• [INPUT FOR THIS TASK]:
From HB Require Import structures.
From mathcomp Require Import all_boot all_order all_algebra.
From mathcomp Require Import all_classical all_reals all_analysis.
From mathcomp Require Import measurable_realfun.
From mathcomp Require Import ring lra.
Import Order.TTheory GRing.Theory Num.Theory.
Import numFieldNormedType.Exports.
Local Open Scope classical_set_scope.
Local Open Scope ring_scope.

(* Clipping x |-> clipfac tau |x| *: x is the projection onto the ball of radius tau.
   Bias: the noise is centred, so E[alpha G] - E[alpha] grad = E[(alpha - 1) eps], and
   alpha = 1 off B := {|G| > tau}, an event of probability at most 1 - p because the
   p-quantile is attained; Jensen and Hoelder then give
   |E[(alpha - 1) eps]| <= E[1_B |eps|] <= P(B)^(1 - 1/q) ||eps||_q.
   Threshold: |G| <= |grad| + |eps| pointwise shifts the quantile, and Markov's inequality
   for |eps|^q bounds the p-quantile of |eps|.
   Variance: the mean minimises the mean square deviation and the projection is
   1-Lipschitz, so E|X - E X|^2 <= E|clip G - clip grad|^2 <= E|eps|^2 <= ||eps||_q^2
   when q >= 2. *)

Section euclidean.
Context {R : realType} {d : nat}.
Implicit Types (u v : 'rV[R]_d) (a b t : R).

Definition dotv u v := \sum_(i < d) u ord0 i * v ord0 i.

Lemma enorm_ge0 v : 0 <= enorm v.
Proof. exact: sqrtr_ge0. Qed.

Lemma dotvv_ge0 v : 0 <= dotv v v.
Proof. by apply: sumr_ge0 => i _; rewrite -expr2 sqr_ge0. Qed.

Lemma enormE v : enorm v = Num.sqrt (dotv v v).
Proof. by rewrite /enorm /dotv; under eq_bigr do rewrite expr2. Qed.

Lemma enorm_sqr v : enorm v ^+ 2 = dotv v v.
Proof. by rewrite enormE sqr_sqrtr // dotvv_ge0. Qed.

• [YOUR ASSIGNMENT]: Copy every single line of the material above that holds "projection".

• [COMPLETED EXERCISE]:
(* Clipping x |-> clipfac tau |x| *: x is the projection onto the ball of radius tau.
   Variance: the mean minimises the mean square deviation and the projection is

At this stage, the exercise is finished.